Returning the Number of Total Connections per Destination Port

The following command returns the total number of connections per destination port for the 15 most popular ports:

select destPort, count(*) TotalNumber
             from NetData
             group by destPort
             order by TotalNumber desc
                         limit 15;

+----------+-------------+
| destPort | TotalNumber |
+----------+-------------+
| 80       |        1923 |
| 25       |         223 |
| 23       |          42 |
| 1024     |          38 |
| 1306     |          36 |
| 4233     |          27 |
| 1174     |          25 |
| 2005     |          25 |
| 2599     |          25 |
| 3718     |          25 |
| 4205     |          25 |
| 2676     |          24 |
| kpop     |          22 |
| 2063     |          22 |
| 2307     |          22 |
+----------+-------------+

Finding Busy Minutes

This part will show you how to find the 5 most popular minutes (i.e., 15:12, 15:16, but not 15:12:13, which is in seconds). I will use the substr() command:

select substr(Date, length(Date)-7, 5), count(*) Total
             from NetData
             group by substr(Date, length(Date)-7, 5)
             order by Total desc
                         limit 5;

The key point here is to select and group by the substring that you want, for example, by using the substr(Date, length(Date)-7, 5) expression.

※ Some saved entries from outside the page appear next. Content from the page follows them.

Lemma eq_mnm3 i j k i' j' k' : (mnm3 i j k == mnm3 i' j' k') = [&& i == i', j == j' & k == k'].
Proof.
apply/eqP/and3P => [E|[/eqP-> /eqP-> /eqP->]] //.
have coord (l : 'I_3) := congr1 (fun m : 'X_{1..3} => m l) E.
move: (coord 0) (coord 1) (coord 2).
by have [-> -> ->] := mnm3_coord i j k; have [-> -> ->] := mnm3_coord i' j' k' => -> -> ->.
Qed.

Lemma mdeg_mnm3 i j k : mdeg (mnm3 i j k) = (i + j + k)%N.
Proof. by rewrite mdegE !big_ord_recr big_ord0. Qed.

Definition mnm3_sort (i j k : nat) : 'X_{1..3} :=
  if (j <= i)%N then
    if (k <= j)%N then mnm3 i j k else if (k <= i)%N then mnm3 i k j else mnm3 k i j
  else
    if (k <= i)%N then mnm3 j i k else if (k <= j)%N then mnm3 j k i else mnm3 k j i.

Section SymmetricQuintics.
Variable R : realType.
Local Notation mon i j k := ('X_[mnm3 i j k] : {mpoly R[3]}).

Lemma mon_vabc i j k : mon i j k = va R ^+ i * vb R ^+ j * vc R ^+ k.
Proof. by rewrite mpolyXE_id !big_ord_recr big_ord0 /= mul1r. Qed.

Lemma ev3_mon i j k x y z : ev3 (mon i j k) x y z = x ^+ i * y ^+ j * z ^+ k.
Proof. by rewrite /ev3 mevalX !big_ord_recr big_ord0 /= mul1r. Qed.

Lemma mderiv0_mon i j k : (mon i j k)^`M(0) = i%:R *: mon i.-1 j k.
Proof.
rewrite mderivX; congr (_ *: 'X_[_]).
by apply/mnmP => l; rewrite mnmBE mnm1E; case: (ord3P l) => -> /=; rewrite ?subn0 ?subn1.
Qed.

Lemma coef_mnm3_sort (f : {mpoly R[3]}) i j k :
  f \is symmetric -> f@_(mnm3 i j k) = f@_(mnm3_sort i j k).
Proof.
move=> fsym.
have permute (s : 'S_3) i' j' k' m : m = mnm3 i' j' k' ->
    f@_m = f@_(mnm3 (m (s 0)) (m (s 1)) (m (s 2))).
  move=> ->; rewrite -(msym_coeff _ s fsym); congr (_@__).
  by apply/mnmP => l; rewrite mnmE; case: (ord3P l) => ->.
have swap01 i' j' k' : f@_(mnm3 i' j' k') = f@_(mnm3 j' i' k').
  by rewrite (permute (tperm 0 1) i' j' k') // !permE.
have swap12 i' j' k' : f@_(mnm3 i' j' k') = f@_(mnm3 i' k' j').
  by rewrite (permute (tperm 1 2) i' j' k') // !permE.
rewrite /mnm3_sort; case: leqP => _; case: leqP => _; try case: leqP => _.
all: first [ done | by rewrite swap12 | by rewrite swap01 | by rewrite swap12 swap01
           | by rewrite swap01 swap12 | by rewrite swap01 swap12 swap01 ].
Qed.

Definition mquintic (a1 a2 a3 a4 a5 : R) : {mpoly R[3]} :=
  quintic a1%:MP a2%:MP a3%:MP a4%:MP a5%:MP (va R) (vb R) (vc R).

Lemma mquinticE a1 a2 a3 a4 a5 : mquintic a1 a2 a3 a4 a5 =
    a1 *: (mon 5 0 0 + mon 0 5 0 + mon 0 0 5)
  + a2 *: (mon 4 1 0 + mon 4 0 1 + mon 1 4 0 + mon 0 4 1 + mon 1 0 4 + mon 0 1 4)
  + a3 *: (mon 3 2 0 + mon 3 0 2 + mon 2 3 0 + mon 0 3 2 + mon 2 0 3 + mon 0 2 3)
  + a4 *: (mon 3 1 1 + mon 1 3 1 + mon 1 1 3)
  + a5 *: (mon 2 2 1 + mon 2 1 2 + mon 1 2 2).
Proof. by rewrite /mquintic /quintic !mon_vabc -!mul_mpolyC; ring. Qed.

Lemma ev3_mquintic a1 a2 a3 a4 a5 x y z :
  ev3 (mquintic a1 a2 a3 a4 a5) x y z = quintic a1 a2 a3 a4 a5 x y z.
Proof.
by rewrite /ev3 /mquintic rmorph_quintic /= !mevalC !mevalXU.
Qed.

Lemma mquintic_homog a1 a2 a3 a4 a5 : mquintic a1 a2 a3 a4 a5 \is 5.-homog.
Proof.
rewrite mquinticE; do ![apply: rpredD | apply: rpredZ].
all: by rewrite dhomogX /= mdeg_mnm3.
Qed.

Lemma mquintic_sym a1 a2 a3 a4 a5 : mquintic a1 a2 a3 a4 a5 \is symmetric.
Proof.
have msymC (s : 'S_3) c : msym s c%:MP = c%:MP :> {mpoly R[3]}.
  by rewrite -[c%:MP]mulr1 mul_mpolyC msymZ msym1.
have msymX (s : 'S_3) i : msym s 'X_i = 'X_(s i) :> {mpoly R[3]}.
  rewrite msymX; congr 'X_[_]; apply/mnmP => l; rewrite mnmE !mnm1E.
  by congr nat_of_bool; apply/eqP/eqP => [->|<-]; rewrite ?permKV ?permK.
apply/issymP => s; rewrite /mquintic rmorph_quintic /= !msymC !msymX.
exact: (quintic_perm _ _ _ _ _ (fun i => 'X_i)).
Qed.

Lemma Hs35_mquintic f : Hs35 f -> f = mquintic (f@_(mnm3 5 0 0)) (f@_(mnm3 4 1 0))
  (f@_(mnm3 3 2 0)) (f@_(mnm3 3 1 1)) (f@_(mnm3 2 2 1)).
Proof.
case=> fsym fhom; apply/mpolyP => m.
have [/eqP deg5|deg] := eqVneq (mdeg m) 5%N; last first.
  by rewrite !(dhomog_nemf_coeff _ deg) // mquintic_homog.
rewrite (mnm3E m) in deg5 *; move: (m 0) (m 1) (m 2) deg5 => i j k; rewrite mdeg_mnm3.
rewrite coef_mnm3_sort // mquinticE !(mcoeffD, mcoeffZ, mcoeffX) !eq_mnm3.
case: i => [|[|[|[|[|[|i]]]]]]; case: j => [|[|[|[|[|[|j]]]]]];
  case: k => [|[|[|[|[|[|k]]]]]] => //= _.
all: by rewrite /mnm3_sort /= ?(mulr0, mulr1, addr0, add0r).
Qed.

Lemma ev3_d_a_mquintic a1 a2 a3 a4 a5 x :
  ev3 (d_a (mquintic a1 a2 a3 a4 a5)) x 1 1 = fl1 a1 a2 a3 a4 a5 x.
Proof.
rewrite /d_a mquinticE !(mderivD, mderivZ) !mderiv0_mon /ev3 !(mevalD, mevalZ).
by rewrite -!/(ev3 _ x 1 1) !ev3_mon /fl1; ring.
Qed.

Lemma ev3_d_aa_mquintic a1 a2 a3 a4 a5 x :
  ev3 (d_aa (mquintic a1 a2 a3 a4 a5)) x 1 1 = 2 * fl2 a1 a2 a3 a4 a5 x.
Proof.
rewrite /d_aa /d_a mquinticE !(mderivD, mderivZ) !mderiv0_mon /=.
rewrite !(mderivD, mderivZ) !mderiv0_mon.
by rewrite /ev3 !(mevalD, mevalZ) -!/(ev3 _ x 1 1) !ev3_mon /fl2; ring.
Qed.

Lemma eC_mquintic t : eC t = mquintic 1 (- (t + 1)) t ((t + 1)^+2) (- (t^+2 + 2*t)).
Proof.
rewrite /eC /s0 /s1 /s2 /s3 /Sn /Tmn /Smn /U3 /mquintic /quintic -!mul_mpolyC.
by rewrite !(mpolyCN, mpolyCD, mpolyCM, mpolyC1, mpolyC_nat); ring.
Qed.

This example produced the following output:

+---------------------------------+-------+
| substr(Date, length(Date)-7, 5) | Total |
+---------------------------------+-------+
| 15:14                           |   720 |
| 15:06                           |   551 |
| 15:12                           |   545 |
| 15:09                           |   511 |
| 15:15                           |   435 |
+---------------------------------+-------+

Creating an Empty Table Similar to the NetData Table

The following command will create a new table, called NetData_identical, that looks like the original NetData table without the actual data:

create table NetData_identical
as
select * from NetData
     where 0 = 1;

NetData_identical looks as follows:

mysql> desc NetData_identical;
+------------+-------------+------+-----+---------------------+-------+
| Field      | Type        | Null | Key | Default             | Extra |
+------------+-------------+------+-----+---------------------+-------+
| Date       | datetime    | NO   |     | 0000-00-00 00:00:00 |       |
| dt         | float       | YES  |     | NULL                |       |
| sourcePort | varchar(12) | YES  |     | NULL                |       |
| destPort   | varchar(12) | YES  |     | NULL                |       |
+------------+-------------+------+-----+---------------------+-------+
4 rows in set (0.01 sec)

mysql>

Creating a Backup Copy of the NetData Table

The following output illustrates how to create a backup copy of the NetData table:

mysql> create table NetData_backup as select * from NetData;
Query OK, 4912 rows affected (0.02 sec)
Records: 4912  Duplicates: 0  Warnings: 0

mysql>

Backup copies, apart from being useful for security reasons, are also very handy because you can work with them without affecting the original data.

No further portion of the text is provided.